When a red-in-the-face Bill Clinton tells off an interviewer on Fox News, he
may fire up his party's long frustrated base, and win the plaudits of those
partisans who made up their minds long ago. About everything. But his little
tizzy cost him more than his dignity. While reveling in the chance to tell
off his critics, he lost an opportunity to raise the level of public
discourse.
Amid all the finger-pointing rage and the kind of selective history that's
good mainly for rhetorical purposes, reason evaporates. Bill Clinton's
attack was followed predictably enough by counter-attacks, and what might
have been a meaningful debate about the future gave way to one more rehash
of the past. Given an opportunity to address the next generation, the former
president seemed interested only in making points for the next election, or
maybe the one after that. Which seemed the extent of his vision.

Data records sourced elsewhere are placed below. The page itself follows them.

(* Let $\Omega\subset\mathbb{R}^d$ be a bounded domain, $\kappa$ a positive coefficient on $\Omega$, and $a(u,v)=\int_\Omega \kappa\nabla u\cdot\nabla v$. Let $V_{1,H},V_{2,H}$ be finite-dimensional real vector spaces and, for $j=1,2$, let $T_{j,0},T_{j,1}$ be linear maps from $V_{j,H}$ into a space of functions on which $a(\cdot,\cdot)$ and the $L^2(\Omega)$ inner product $(\cdot,\cdot)$ are defined; put $T_j=T_{j,0}+T_{j,1}$. For $i,j\in\{1,2\}$, $U\in V_{j,H}$, $W\in V_{i,H}$ define $$m_{ij}(U,W)=(T_jU,T_iW),\quad a_{ij}(U,W)=a(T_{j,1}U,T_{i,1}W),\quad c_{ij}(U,W)=a(T_{j,0}U,T_{i,0}W),$$ and for $W_1\in V_{1,H}$, $W_2\in V_{2,H}$, $$\|(W_1,W_2)\|_m^2=\sum_{i,j=1}^2 m_{ij}(W_j,W_i),\quad \|(W_1,W_2)\|_a^2=\sum_{i,j=1}^2 a_{ij}(W_j,W_i),\quad \|(W_1,W_2)\|_c^2=\sum_{i,j=1}^2 c_{ij}(W_j,W_i),$$ and $\|W\|_{a_{22}}^2=a_{22}(W,W)$ for $W\in V_{2,H}$. Let $\tau>0$ and let sequences $U_1^n\in V_{1,H}$, $U_2^n\in V_{2,H}$ ($n\ge 0$) satisfy, for every $n\ge1$, the scheme (discretization scheme 1 with zero source) $$\tfrac{1}{\tau^2} m_{11}(U_1^{n+1}-2U_1^n+U_1^{n-1},W_1)+\tfrac{1}{\tau^2} m_{12}(U_2^{n+1}-2U_2^n+U_2^{n-1},W_1)+\tfrac12 a_{11}(U_1^{n+1}+U_1^{n-1},W_1)+a_{12}(U_2^n,W_1)+\tfrac12 c_{11}(U_1^{n+1}+U_1^{n-1},W_1)+\tfrac12 c_{12}(U_2^{n+1}+U_2^{n-1},W_1)=0$$ for all $W_1\in V_{1,H}$, and $$\tfrac{1}{\tau^2} m_{22}(U_2^{n+1}-2U_2^n+U_2^{n-1},W_2)+\tfrac{1}{\tau^2} m_{21}(U_1^{n+1}-2U_1^n+U_1^{n-1},W_2)+a_{21}(U_1^n,W_2)+a_{22}(U_2^n,W_2)+\tfrac12 c_{21}(U_1^{n+1}+U_1^{n-1},W_2)+\tfrac12 c_{22}(U_2^{n+1}+U_2^{n-1},W_2)=0$$ for all $W_2\in V_{2,H}$. Define $$E^{n+\frac12}=\tfrac{2}{\tau^2}\|(U_1^{n+1}-U_1^n,U_2^{n+1}-U_2^n)\|_m^2+\|(U_1^{n+1},U_2^{n+1})\|_c^2+\|(U_1^n,U_2^n)\|_c^2+\|(U_1^{n+1},U_2^n)\|_a^2+\|(U_1^n,U_2^{n+1})\|_a^2-\|U_2^{n+1}-U_2^n\|_{a_{22}}^2.$$ Then $E^{n+\frac12}=E^{n-\frac12}$ for every $n\ge1$.
   Context: This is the paper's setting of a multicontinuum spatial discretization of the wave equation $\partial_{tt}u-\nabla\cdot(\kappa\nabla u)=f$ with zero Dirichlet data: $V_{j,H}=\prod_{k\in I_j}V_H$ where $V_H$ is a coarse finite element space and $I_1\sqcup I_2=\{1,\dots,N\}$ is a partition of the continua indices; $T_{j,0}((U_k)_{k\in I_j})=\sum_{K}\mathbf{1}_K\sum_{k\in I_j}\phi_k^K U_k$ and $T_{j,1}((U_k)_{k\in I_j})=\sum_K \mathbf{1}_K\sum_{k\in I_j}\sum_{m=1}^d\phi_k^{K,m}\partial_{x_m}U_k$, the sums over coarse blocks $K$, with fixed multiscale basis functions $\phi_k^K,\phi_k^{K,m}$ (obtained in the paper from local constrained energy-minimization cell problems). The source term is taken to be zero ($f_1=f_2=0$), as the paper assumes for the energy analysis. *)

From HB Require Import structures.
From mathcomp Require Import all_boot all_order all_algebra.
Set Implicit Arguments. Unset Strict Implicit. Unset Printing Implicit Defensive.
Import Order.TTheory GRing.Theory Num.Theory.
Local Open Scope ring_scope.

(* A symmetric bilinear form on a real vector space F
   (abstracts a(u,v) = int kappa grad u . grad v and the L^2 product). *)
Definition sym_bilinear (R : ringType) (F : lmodType R) (b : F -> F -> R) :=
  (forall u v, b u v = b v u) /\
  (forall (c : R) u v w, b (c *: u + v) w = c * b u w + b v w).

(* Nonnegativity (a is positive semidefinite since kappa > 0,
   the L^2 product is positive definite). *)
Definition psd (R : numDomainType) (F : lmodType R) (b : F -> F -> R) :=
  forall u, 0 <= b u u.

Definition Tsum (R : ringType) (V F : lmodType R) (T0 T1 : V -> F) : V -> F :=
  fun U => T0 U + T1 U.

Definition pform (R : ringType) (Vj Vi F : lmodType R) (b : F -> F -> R)
  (Sj : Vj -> F) (Si : Vi -> F) (U : Vj) (W : Vi) : R := b (Sj U) (Si W).

Definition pnorm2 (R : ringType) (V1 V2 F : lmodType R) (b : F -> F -> R)
  (S1 : V1 -> F) (S2 : V2 -> F) (W1 : V1) (W2 : V2) : R :=
  pform b S1 S1 W1 W1 + pform b S2 S1 W2 W1 +
  pform b S1 S2 W1 W2 + pform b S2 S2 W2 W2.

Definition energy (R : fieldType) (V1 V2 F : lmodType R)
  (a l2 : F -> F -> R) (T10 T11 : V1 -> F) (T20 T21 : V2 -> F) (tau : R)
  (U1 : nat -> V1) (U2 : nat -> V2) (n : nat) : R :=
  let T1 := Tsum T10 T11 in let T2 := Tsum T20 T21 in
  2 / tau ^+ 2 * pnorm2 l2 T1 T2 (U1 n.+1 - U1 n) (U2 n.+1 - U2 n)
  + pnorm2 a T10 T20 (U1 n.+1) (U2 n.+1)
  + pnorm2 a T10 T20 (U1 n) (U2 n)
  + pnorm2 a T11 T21 (U1 n.+1) (U2 n)
  + pnorm2 a T11 T21 (U1 n) (U2 n.+1)
  - pform a T21 T21 (U2 n.+1 - U2 n) (U2 n.+1 - U2 n).

From HB Require Import structures.
From mathcomp Require Import all_boot all_order all_algebra.
From mathcomp Require Import ring.
Set Implicit Arguments.
Unset Strict Implicit.
Unset Printing Implicit Defensive.
Import Order.TTheory GRing.Theory Num.Theory.
Local Open Scope ring_scope.

(* Test the two equations of the scheme with W_j = U_j^{n+1} - U_j^{n-1} and
   add them.  Everything then lives in F, through x = T_1 U_1 + T_2 U_2,
   y = T_{1,0} U_1 + T_{2,0} U_2, p = T_{1,1} U_1 and q = T_{2,1} U_2.  The
   mass and c-terms are differences of squares of symmetric forms,
   b(u + v, u - v) = b(u, u) - b(v, v), and the implicit a_11-term is one as
   well; the explicit couplings a_12, a_21, a_22 telescope thanks to the
   correction -||U_2^{n+1} - U_2^n||_{a_22}^2 in the energy.  So
   E^{n+1/2} - E^{n-1/2} is twice the tested sum, which vanishes. *)

Section SymBilinear.
Variables (R : comNzRingType) (F : lmodType R) (b : F -> F -> R).
Hypothesis bS : sym_bilinear b.

Lemma bilinC u v : b u v = b v u. Proof. by case: bS. Qed.

Lemma bilinDl u v w : b (u + v) w = b u w + b v w.
Proof. by have [_ lin] := bS; rewrite -{1}[u]scale1r lin mul1r. Qed.

Lemma bilin0l w : b 0 w = 0.
Proof. by apply: (addrI (b 0 w)); rewrite -bilinDl !addr0. Qed.

Lemma bilinZl c u w : b (c *: u) w = c * b u w.
Proof. by have [_ lin] := bS; rewrite -[c *: u]addr0 lin bilin0l addr0. Qed.

Lemma bilinNl u w : b (- u) w = - b u w.
Proof. by rewrite -scaleN1r bilinZl mulN1r. Qed.

Lemma bilinBl u v w : b (u - v) w = b u w - b v w.
Proof. by rewrite bilinDl bilinNl. Qed.

Lemma bilinDr u v w : b w (u + v) = b w u + b w v.
Proof. by rewrite bilinC bilinDl !(bilinC w). Qed.

Lemma bilinBr u v w : b w (u - v) = b w u - b w v.
Proof. by rewrite bilinC bilinBl !(bilinC w). Qed.

Lemma bilin_polar u v : b (u + v) (u - v) = b u u - b v v.
Proof. by rewrite bilinDl !bilinBr (bilinC v u); ring. Qed.

Lemma bilin_sqrD u v : b (u + v) (u + v) = b u u + 2 * b u v + b v v.
Proof. by rewrite bilinDl !bilinDr (bilinC v u); ring. Qed.

Lemma bilin_sqrB u v : b (u - v) (u - v) = b u u - 2 * b u v + b v v.
Proof. by rewrite bilinBl !bilinBr (bilinC v u); ring. Qed.

Lemma bilin_diff2 x0 x1 x2 :
  b (x2 - 2 *: x1 + x0) (x2 - x0)
  = b (x2 - x1) (x2 - x1) - b (x1 - x0) (x1 - x0).
Proof.
have -> : x2 - 2 *: x1 + x0 = (x2 - x1) - (x1 - x0).
  by rewrite scaler_nat mulr2n opprD opprB !addrA addrAC.
have -> : x2 - x0 = (x2 - x1) + (x1 - x0) by rewrite addrA subrK.
by rewrite bilinC bilin_polar.
Qed.

End SymBilinear.

Section PairForms.
Variables (R : comNzRingType) (F V1 V2 : lmodType R) (b : F -> F -> R).
Hypothesis bS : sym_bilinear b.
Variables (S1 : V1 -> F) (S2 : V2 -> F).

Lemma pform_pair u1 u2 w1 w2 :
  pform b S1 S1 u1 w1 + pform b S2 S1 u2 w1 + pform b S1 S2 u1 w2
    + pform b S2 S2 u2 w2
  = b (S1 u1 + S2 u2) (S1 w1 + S2 w2).
Proof. by rewrite /pform bilinDl // !bilinDr //; ring. Qed.

Lemma pnorm2E w1 w2 :
  pnorm2 b S1 S2 w1 w2 = b (S1 w1 + S2 w2) (S1 w1 + S2 w2).
Proof. exact: pform_pair. Qed.

End PairForms.

Section LinearPair.
Variables (R : pzRingType) (V1 V2 F : lmodType R).
Variables (S1 : {linear V1 -> F}) (S2 : {linear V2 -> F}).

Lemma linear_pairD u u' v v' :
  S1 (u + u') + S2 (v + v') = (S1 u + S2 v) + (S1 u' + S2 v').
Proof. by rewrite !linearD addrACA. Qed.

Lemma linear_pairB u u' v v' :
  S1 (u - u') + S2 (v - v') = (S1 u + S2 v) - (S1 u' + S2 v').
Proof. by rewrite !linearB addrACA opprD. Qed.

Lemma linear_pair_diff2 u0 u1 u2 v0 v1 v2 :
  S1 (u2 - 2 *: u1 + u0) + S2 (v2 - 2 *: v1 + v0)
  = (S1 u2 + S2 v2) - 2 *: (S1 u1 + S2 v1) + (S1 u0 + S2 v0).
Proof. by rewrite scalerDr linear_pairD linear_pairB !linearZ. Qed.

End LinearPair.

Section StaggerEnergy.
Variables (R : comNzRingType) (F : lmodType R) (b : F -> F -> R).
Hypothesis bS : sym_bilinear b.
Variables (p q : nat -> F).

Definition stagger_energy n :=
  b (p n.+1 + q n) (p n.+1 + q n) + b (p n + q n.+1) (p n + q n.+1)
  - b (q n.+1 - q n) (q n.+1 - q n).

Lemma stagger_energy_step n :
  stagger_energy n.+1 - stagger_energy n
  = b (p n.+2 + p n) (p n.+2 - p n)
    + 2 * (b (q n.+1) (p n.+2 - p n) + b (p n.+1) (q n.+2 - q n)
           + b (q n.+1) (q n.+2 - q n)).
Proof.
rewrite /stagger_energy !bilin_sqrB // !bilin_sqrD //.
rewrite bilin_polar // !bilinBr //.
rewrite (bilinC bS (q n.+1) (p n.+2)) (bilinC bS (q n.+1) (p n)).
by rewrite (bilinC bS (q n.+1) (q n.+2)); ring.
Qed.

End StaggerEnergy.

(* With x, y, p, q as in the header, [wave_energy n] is E^{n+1/2} and
   [wave_residual n] is the sum of the two equations at step n tested with
   W_j = U_j^{n+1} - U_j^{n-1}. *)
Section WaveEnergy.
Variables (R : fieldType) (F : lmodType R) (m a : F -> F -> R).
Hypotheses (mS : sym_bilinear m) (aS : sym_bilinear a).
Hypothesis two_neq0 : (2 : R) != 0.
Variables (tau : R) (x y p q : nat -> F).

Definition wave_energy n :=
  2 / tau ^+ 2 * m (x n.+1 - x n) (x n.+1 - x n)
  + a (y n.+1) (y n.+1) + a (y n) (y n) + stagger_energy a p q n.

Definition wave_residual n :=
  1 / tau ^+ 2 * m (x n.+1 - 2 *: x n + x n.-1) (x n.+1 - x n.-1)
  + 1 / 2 * a (y n.+1 + y n.-1) (y n.+1 - y n.-1)
  + 1 / 2 * a (p n.+1 + p n.-1) (p n.+1 - p n.-1)
  + a (q n) (p n.+1 - p n.-1) + a (p n) (q n.+1 - q n.-1)
  + a (q n) (q n.+1 - q n.-1).

Lemma wave_energy_step n :
  wave_energy n.+1 - wave_energy n = 2 * wave_residual n.+1.
Proof.
rewrite /wave_energy.
rewrite -[stagger_energy a p q n.+1](subrK (stagger_energy a p q n)).
rewrite stagger_energy_step // /wave_residual /= bilin_diff2 // !bilin_polar //.
(* abstracting 1/tau^2 keeps [field] from asking for tau != 0 *)
by rewrite !mul1r; set k := (tau ^+ 2)^-1; field.
Qed.

End WaveEnergy.

HB.instance Definition _ (R : nzRingType) (V F : lmodType R)
    (T0 T1 : {linear V -> F}) :=
  GRing.Linear.copy (Tsum T0 T1) (T0 \+ T1).

Theorem theorem1 (R : realFieldType) (F : lmodType R)
  (a l2 : F -> F -> R)
  (ha : sym_bilinear a) (ha0 : psd a)
  (hl2 : sym_bilinear l2) (hl20 : psd l2)
  (V1 V2 : vectType R)
  (T10 T11 : {linear V1 -> F}) (T20 T21 : {linear V2 -> F})
  (tau : R) (htau : 0 < tau)
  (U1 : nat -> V1) (U2 : nat -> V2) :
  let T1 := Tsum T10 T11 in
  let T2 := Tsum T20 T21 in
  (forall n, (1 <= n)%N ->
    forall W1 : V1,
      1 / tau ^+ 2 * pform l2 T1 T1 (U1 n.+1 - 2 *: U1 n + U1 n.-1) W1
    + 1 / tau ^+ 2 * pform l2 T2 T1 (U2 n.+1 - 2 *: U2 n + U2 n.-1) W1
    + 1 / 2 * pform a T11 T11 (U1 n.+1 + U1 n.-1) W1
    + pform a T21 T11 (U2 n) W1
    + 1 / 2 * pform a T10 T10 (U1 n.+1 + U1 n.-1) W1
    + 1 / 2 * pform a T20 T10 (U2 n.+1 + U2 n.-1) W1 = 0) ->
  (forall n, (1 <= n)%N ->
    forall W2 : V2,
      1 / tau ^+ 2 * pform l2 T2 T2 (U2 n.+1 - 2 *: U2 n + U2 n.-1) W2
    + 1 / tau ^+ 2 * pform l2 T1 T2 (U1 n.+1 - 2 *: U1 n + U1 n.-1) W2
    + pform a T11 T21 (U1 n) W2
    + pform a T21 T21 (U2 n) W2
    + 1 / 2 * pform a T10 T20 (U1 n.+1 + U1 n.-1) W2
    + 1 / 2 * pform a T20 T20 (U2 n.+1 + U2 n.-1) W2 = 0) ->
  forall n, (1 <= n)%N ->
    energy a l2 T10 T11 T20 T21 tau U1 U2 n =
    energy a l2 T10 T11 T20 T21 tau U1 U2 n.-1.
Proof.
move=> T1 T2 scheme1 scheme2 [|n] // _.
pose x k := T1 (U1 k) + T2 (U2 k).
pose y k := T10 (U1 k) + T20 (U2 k).
pose p k := T11 (U1 k).
pose q k := T21 (U2 k).
have energyE k :
    energy a l2 T10 T11 T20 T21 tau U1 U2 k = wave_energy l2 a tau x y p q k.
  rewrite /wave_energy /stagger_energy !addrA /energy !pnorm2E //.
  by rewrite linear_pairB /pform linearB.
have residual0 : wave_residual l2 a tau x y p q n.+1 = 0.
  rewrite -(addr0 0) -{1}(scheme1 n.+1 isT (U1 n.+2 - U1 n)).
  rewrite -(scheme2 n.+1 isT (U2 n.+2 - U2 n)).
  rewrite /wave_residual /= /x /y /p /q.
  rewrite -linear_pair_diff2 -!linear_pairB -linear_pairD -linearD -!linearB.
  rewrite -(pform_pair hl2) -(pform_pair ha).
  rewrite /pform; ring.
have two_neq0 : (2 : R) != 0 by rewrite pnatr_eq0.
apply/eqP; rewrite -subr_eq0 !energyE.
by rewrite (wave_energy_step hl2 ha two_neq0) residual0 mulr0.
Qed.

Much the same goes for George W. Bush when he responds to provocative
questions at his news conference not by trying to raise the level of
discussion but by going after the questioner. The president is less than
presidential at such moments. With the result that the case he should be
making - the case for going after terrorism on its home ground, for
expanding democracy in the Middle East, for victory instead of drift - goes
unmade.
And so another opportunity to raise the level of public discourse is lost,
replaced by partisan slogans. Labels take the place of thought: cut-and-run,
stay-the-course fill in your own cliche. Meanwhile, the appeal to reason
goes unmade.
Other leaders have appealed to high principle at other critical times, well
knowing the price they would pay. Nevertheless, they chose to pursue the
opportunity to make a difference in history, to shape it rather than be
shaped by it.
Think of the despised Churchill of the 1930s, that low, sordid decade, who
dared warn of the gathering storm even if it meant he would be ignored - at
least until he was sorely needed.
Think of the then unpopular Harry Truman, who chose to stand fast in Korea
("Truman's War") rather than either withdraw or turn that conflict into a
world war while his presidential term drained away in frustration.
Think of how Ronald Reagan was ridiculed and railed against when he foresaw
a world without the Soviet Union, and dared call that regime the evil empire
it was.
Even in the midst of a congressional election that promises much heat,
little light and even less honor, every press conference, every public
appearance, every political speech presents every national leader with an
opportunity to raise the level of public discourse. Each time our
politicians choose to debase it instead - in order to please the crowd, or
just to serve their own egos - they pay the cost. They lose the opportunity
to mark the history of these times with their honor.